By the early 1960s, Westerns had become the mainstream genre of Hollywood cinema. It had gotten so popular, there were now dozens of television shows to accompany the onslaught of films being released every week. This level of popularity mirrors the 'superhero' genre of modern cinemagoers. However, because of the Western genre's immense popularity and overproduction, it seemed like there was nowhere else to take the genre. All the groundwork had been laid, all the construction had been completed, and the genre had been lived in and every room and closet had been inspected. However, there was one final interpretation of the Western genre left and Italian director Sergio Leone would be the director to seize it.
In the early 1960s, there was also post-modernist cinema. The French New Wave movement had demonstrated how cinema itself could be deconstructed, how genre, stereotype, and the basic conceits of film could be broken down and re-evaluated. This is where Sergio Leone's film "A Fistful of Dollars" comes into play. Leone takes the typical Western standard, like that of John Ford, and satirizes it. Every Western convention and trope is out on display, heightened, and parodied. It is an examination of the Western. And more than just an examination, Leone takes these tropes and, rather than undermine them with meta-examination, he elevates them. He plays with them. He brings them into new realms. Because of this, the fatigue of the common Western trope now feels invigorated.
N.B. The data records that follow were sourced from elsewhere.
Lemma degexp_ode (a : R) : eq_upto n
  ((trunc n.+1 (fps_degexp lam a))^`() * (1 + lam *: 'X)) (a *: trunc n.+1 (fps_degexp lam a)).
Proof.
move=> i hi; have hi1 : (i < n.+1)%N by exact: ltnW.
rewrite mulrDr mulr1 -scalerAr coefD coefZ coefMX coefZ !coef_deriv.
case: i hi hi1 => [|j] hi hi1 /=.
  rewrite !coef_trunc // /fps_degexp big_ord1 big_ord0 /= expr1 expr0.
  by rewrite mulr1n subr0 mulr0 addr0 (factS 0) !fact0 /= muln1; field.
rewrite !coef_trunc ?(ltnW hi) // (fps_degexpS a j.+1).
set D := fps_degexp lam a j.+1; rewrite -[X in X + _]mulr_natr -[D *+ _]mulr_natr.
by field; rewrite hlam -natrD pnatr_eq0.
Qed.

Lemma degexp_comp (a : R) :
  eq_upto n.+1 (trunc n.+1 (fps_degexp lam a) \Po expm1_lam) (trunc n.+1 (fps_exp a)).
Proof.
set F := trunc n.+1 (fps_degexp lam a); apply: exp_ode.
  move=> i hi; rewrite deriv_comp (deriv_comp_expm1_lam _ hi).
  by rewrite (eq_upto_compl expm1_lam0 (degexp_ode a) hi) comp_polyZ coefZ.
rewrite coef_comp_low ?expm1_lam0 // big_ord1 expr0 coef1 mulr1 coef_trunc //.
by rewrite /fps_degexp big_ord0 fact0 expr0 divr1 mulr1.
Qed.

Lemma log1p_lam_coefS k :
  fps_dilate lam (fps_log1p R) k.+1 *+ k.+1 = lam ^+ k * (-1) ^+ k.
Proof.
rewrite /fps_dilate /fps_log1p /= -mulr_natr exprS.
by field; rewrite hlam natS_neq0.
Qed.

Lemma log1p_lam_ode : eq_upto n (log1p_lam^`() * (1 + lam *: 'X)) 1.
Proof.
move=> i hi; have hi1 : (i < n.+1)%N by exact: ltnW.
rewrite mulrDr mulr1 -scalerAr coefD coefZ coefMX !coef_deriv coef1.
case: i hi hi1 => [|j] hi hi1 /=.
  by rewrite mulr0 addr0 coef_trunc // log1p_lam_coefS !expr0 mulr1.
by rewrite !coef_trunc ?(ltnW hi) // !log1p_lam_coefS !exprS; ring.
Qed.

Lemma log1p_lam_comp : eq_upto n.+1 (log1p_lam \Po expm1_lam) 'X.
Proof.
apply: eq_upto_deriv; last first.
  by rewrite coef_comp_low ?expm1_lam0 // big_ord1 log1p_lam0 mul0r coefX.
move=> i hi; rewrite deriv_comp (deriv_comp_expm1_lam _ hi).
rewrite (eq_upto_compl expm1_lam0 log1p_lam_ode hi).
by rewrite derivX -polyC1 comp_polyC.
Qed.

End ExponentialSubstitution.

Section GeneratingFunctions.
Variable R : numFieldType.
Variables (lam : R) (n : nat) (x y : R).
Hypothesis hlam : lam != 0.

(* 2/(e^(t/2) + e^(-t/2)) e^(x t) and its degenerate analogue: by definition
   Euler2 k x and DegEuler2 lam k x are k! times their k-th coefficients. *)
Definition euler_gf : fps R :=
  fps_mul (fps_scale 2 (fps_inv (fps_add (fps_exp (2^-1)) (fps_exp (- 2^-1)))))
          (fps_exp x).
Definition deg_euler_gf : fps R :=
  fps_mul (fps_scale 2 (fps_inv (fps_add (fps_degexp lam (2^-1))
                                         (fps_degexp lam (- 2^-1)))))
          (fps_degexp lam x).

Definition cos_coef (m : nat) : R := (-1) ^+ m * y ^+ (2 * m) / ((2 * m)`!)%:R.
Definition cos_trunc : {poly R} := \sum_(m < n./2.+1) cos_coef m *: 'X^(2 * m).

Let u := expm1_lam lam n.
Let L := log1p_lam lam n.

(* Substituting u into the degenerate Euler generating function gives the
   ordinary one, since e_lam^a(u(t)) = e^(a t) for every a. *)
Lemma deg_euler_gf_comp :
  eq_upto n.+1 (trunc n.+1 deg_euler_gf \Po u) (trunc n.+1 euler_gf).
Proof.
set D := fps_add (fps_degexp lam (2^-1)) (fps_degexp lam (- 2^-1)).
set E := fps_add (fps_exp (2^-1)) (fps_exp (- 2^-1) : fps R).
have D0 : D 0%N != 0.
  rewrite /D /fps_add /fps_degexp !big_ord0 fact0 !expr0 divr1 !mulr1.
  by rewrite -mulr2n pnatr_eq0.
have E0 : E 0%N != 0.
  by rewrite /E /fps_add /fps_exp !expr0 fact0 divr1 -mulr2n pnatr_eq0.
have compD : eq_upto n.+1 (trunc n.+1 D \Po u) (trunc n.+1 E).
  by rewrite /D /E !trunc_add comp_polyD; apply: eq_upto_add; exact: degexp_comp.
have prodD : eq_upto n.+1 (trunc n.+1 deg_euler_gf)
    ((2 *: trunc n.+1 (fps_inv D)) * trunc n.+1 (fps_degexp lam x)).
  by rewrite -trunc_scale; exact: trunc_mul.
have prodE : eq_upto n.+1 (trunc n.+1 euler_gf)
    ((2 *: trunc n.+1 (fps_inv E)) * trunc n.+1 (fps_exp x)).
  by rewrite -trunc_scale; exact: trunc_mul.
apply: (eq_upto_trans (eq_upto_compl (expm1_lam0 lam n) prodD)).
apply: (eq_upto_trans _ (eq_upto_sym prodE)).
rewrite -!scalerAl comp_polyZ comp_polyM.
apply/eq_upto_scale/eq_upto_mul; last exact: degexp_comp.
apply: (eq_upto_inv (q := trunc n.+1 D \Po u) (q' := trunc n.+1 E)) => //.
- rewrite -comp_polyM.
  have := eq_upto_compl (expm1_lam0 lam n) (@trunc_inv _ n.+1 _ D0).
  by rewrite -polyC1 comp_polyC.
- exact: trunc_inv.
Qed.

Lemma cos_trunc_comp_log :
  cos_trunc \Po L = \sum_(m < n./2.+1) cos_coef m *: L ^+ (2 * m).
Proof.
rewrite /cos_trunc raddf_sum; apply: eq_bigr => m _.
rewrite -[LHS]/((cos_coef m *: 'X^(2 * m)) \Po L).
by rewrite (@comp_polyZ R) comp_Xn_poly.
Qed.

(* Since L(u(t)) = t, substituting u into cos(y L(t)) gives back cos(y t). *)
Lemma cos_comp : eq_upto n.+1 ((cos_trunc \Po L) \Po u) cos_trunc.
Proof.
have LuX : eq_upto n.+1 (L \Po u) 'X := log1p_lam_comp hlam.
have Lu0 : (L \Po u)`_0 = 0 by rewrite LuX // coefX.
rewrite -comp_polyA; apply: eq_upto_trans (eq_upto_compr _ Lu0 _ LuX) _.
- by rewrite coefX.
- by rewrite comp_polyXr; exact: eq_upto_refl.
Qed.

Lemma generating_identity :
  eq_upto n.+1 ((trunc n.+1 deg_euler_gf * (cos_trunc \Po L)) \Po u)
               (trunc n.+1 euler_gf * cos_trunc).
Proof.
by rewrite comp_polyM; apply: eq_upto_mul; [exact: deg_euler_gf_comp | exact: cos_comp].
Qed.


Lemma lhs_summand (g : R) m : (2 * m <= n)%N ->
  ('C(n, 2 * m))%:R * ((n - 2 * m)`!%:R * g) * (-1) ^+ m * y ^+ (2 * m)
  = n`!%:R * (cos_coef m * g).
Proof. by move=> hm; rewrite /cos_coef -(bin_fact hm) !natrM; field; rewrite !fact_neq0. Qed.

Lemma lhs_coef : \sum_(m < n./2.+1)
      ('C(n, 2 * m))%:R * Euler2 (n - 2 * m)%N x * (-1) ^+ m * y ^+ (2 * m)
  = n`!%:R * (trunc n.+1 euler_gf * cos_trunc)`_n.
Proof.
rewrite /cos_trunc mulr_sumr coef_sum mulr_sumr; apply: eq_bigr => m _.
have hm : (2 * m <= n)%N by have := ltn_ord m; rewrite ltnS geq_half_double -mul2n.
rewrite -scalerAr coefZ coefMXn ltnNge hm /= coef_trunc; last by rewrite ltnS leq_subr.
exact: lhs_summand.
Qed.

(* One summand of the right-hand side, with S2, S1 and DegEuler2 unfolded to
   the coefficients of (e^t - 1)^k, log(1+t)^(2m) and G_lam. *)
Lemma rhs_summand (g P Q : R) k l m : (k <= n)%N -> (l <= k)%N -> (2 * m <= l)%N ->
  (n`!%:R * (P / k`!%:R)) * lam ^+ (n + l - k - 2 * m) * ('C(k, l))%:R
    * ((k - l)`!%:R * g) * (-1) ^+ m * y ^+ (2 * m) * (l`!%:R * (Q / (2 * m)`!%:R))
  = n`!%:R * ((g * (cos_coef m * (lam^-1 ^+ (2 * m) * (lam ^+ l * Q))))
               * (lam^-1 ^+ k * (lam ^+ n * P))).
Proof.
move=> hkn hlk hml.
have hk : lam ^+ k != 0 by rewrite expf_neq0.
have hm : lam ^+ (2 * m) != 0 by rewrite expf_neq0.
have lam_exp : lam ^+ (n + l - k - 2 * m)
    = lam ^+ n * lam ^+ l / (lam ^+ k * lam ^+ (2 * m)).
  apply: (mulIf (mulf_neq0 hk hm)); rewrite mulfVK ?mulf_neq0 // -!exprD.
  by congr (_ ^+ _); lia.
have binE : ('C(k, l))%:R = k`!%:R / (l`!%:R * (k - l)`!%:R) :> R.
  apply: (mulIf (mulf_neq0 (fact_neq0 R l) (fact_neq0 R (k - l)))).
  by rewrite mulfVK ?mulf_neq0 ?fact_neq0 // -!natrM bin_fact.
rewrite lam_exp binE !exprVn /cos_coef.
by field; rewrite !fact_neq0 hk hm.
Qed.

Lemma rhs_inner k l : (k <= n)%N -> (l <= k)%N ->
  \sum_(m < l./2.+1) S2 n k * lam ^+ (n + l - k - 2 * m)%N * ('C(k, l))%:R
      * DegEuler2 lam (k - l)%N x * (-1) ^+ m * y ^+ (2 * m) * S1 l (2 * m)
  = n`!%:R * ((trunc n.+1 deg_euler_gf)`_(k - l) * (cos_trunc \Po L)`_l * (u ^+ k)`_n).
Proof.
move=> hkn hlk.
rewrite coef_trunc; last by rewrite ltnS (leq_trans (leq_subr _ _) hkn).
rewrite cos_trunc_comp_log coef_sum mulr_sumr mulr_suml mulr_sumr.
rewrite (@sum_ord_widen0 _ l./2.+1 n./2.+1 (fun m => S2 n k * lam ^+ (n + l - k - 2 * m)%N
    * ('C(k, l))%:R * DegEuler2 lam (k - l)%N x * (-1) ^+ m * y ^+ (2 * m) * S1 l (2 * m))).
- apply: eq_bigr => m _; rewrite coefZ.
  case: (leqP (2 * m) l) => hml; last first.
    by rewrite coef_pow_low ?log1p_lam0 // S1_low // !(mul0r, mulr0).
  rewrite /L /u !coef_trunc_pow ?ltnS ?(leq_trans hml) ?(leq_trans hlk) //.
  by rewrite !fps_pow_dilate //; exact: rhs_summand.
- by rewrite ltnS half_leq // (leq_trans hlk hkn).
- move=> m hm _; rewrite S1_low ?mulr0 //.
  by rewrite mul2n -ltn_half_double.
Qed.

Lemma rhs_coef : \sum_(k < n.+1) \sum_(l < k.+1) \sum_(m < l./2.+1)
      S2 n k * lam ^+ (n + l - k - 2 * m)%N * ('C(k, l))%:R
      * DegEuler2 lam (k - l)%N x * (-1) ^+ m * y ^+ (2 * m) * S1 l (2 * m)
  = n`!%:R * ((trunc n.+1 deg_euler_gf * (cos_trunc \Po L)) \Po u)`_n.
Proof.
rewrite coef_comp_low ?expm1_lam0 // mulr_sumr; apply: eq_bigr => k _.
rewrite coefMr mulr_suml mulr_sumr; apply: eq_bigr => l _.
by rewrite rhs_inner // -ltnS.
Qed.

End GeneratingFunctions.

Theorem mainTheorem13 (R : realFieldType) (lam : R) (hlam : lam != 0)
  (n : nat) (x y : R) :
  \sum_(m < n./2.+1)
      ('C(n, 2 * m))%:R * Euler2 (n - 2 * m)%N x * (-1) ^+ m * y ^+ (2 * m)
  = \sum_(k < n.+1) \sum_(l < k.+1) \sum_(m < l./2.+1)
      S2 n k * lam ^+ (n + l - k - 2 * m)%N * ('C(k, l))%:R
      * DegEuler2 lam (k - l)%N x * (-1) ^+ m * y ^+ (2 * m) * S1 l (2 * m).
Proof.
rewrite lhs_coef (rhs_coef _ _ _ hlam); congr (_ * _).
exact: esym (generating_identity x y hlam (ltnSn n)).
Qed.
However, there was just one last piece of the puzzle for Leone. When Leone needed a story to post-modernize in the Western format, he turned to Japanese cinema. Specifically, he turned to Akira Kurosawa and his 1961 masterpiece "Yojimbo." If you've seen Kurosawa's film and then you go and see Leone's film, there is no doubt about it: they are one in the same. "A Fistful of Dollars" is a straight up carbon copy of "Yojimbo." In fact, there is no dispute about it and has even been settled in court. After Kurosawa's film was released in Italy in 1963, a friend of Leone suggested to him that it would make a good Western. Leone took this suggestion to heart and decided to completely copy the original for his own production.
Despite being a carbon copy of "Yojimbo," "A Fistful of Dollars" comes alive and becomes its own for two reasons: 1) Leone's operatic rendition and 2) Clint Eastwood's interpretation of Toshiro Mifune's nameless Ronin. The entirety of "A Fistful of Dollars" is dramatized like a classic Italian opera. Intense moments are drawn and stretched out, close-ups are framed like Renaissance portraits, and the score is reminiscent of an operatic piece of music. On top of this, Eastwood's 'man with no name' hits all the right spots for a Western anti-hero. He's skilled with his gun, he's always cool and collected, and always trying to set the record straight justly. Basically, he's Toshiro Mifune's "Yojimbo" character, BUT he translates that to an American-style sensibility and becomes world famous because of it.
All in all, "A Fistful of Dollars" undoubtedly changed the Western genre forever. Perhaps that, OR perhaps it ended the Western genre forever. Obviously, the 1960s would be continued to be chock full of classic Westerns, even several more of Leone's Westerns would go on to be considered masterpieces. But, what "A Fistful of Dollars" was able to do was signal to the film-going world a changing of the time. Now that genre was being post-modernized, what else was there? If even the age-old classic Hollywood standard could be rearranged into a satirical, post-modern opera, how many more open fields could be traversed? It signaled that something was coming to an end, much like the old west. In 1964, nobody knew what would replace it. Hell, maybe nothing ever did. Either way, "A Fistful of Dollars" was able to stir up these conversations.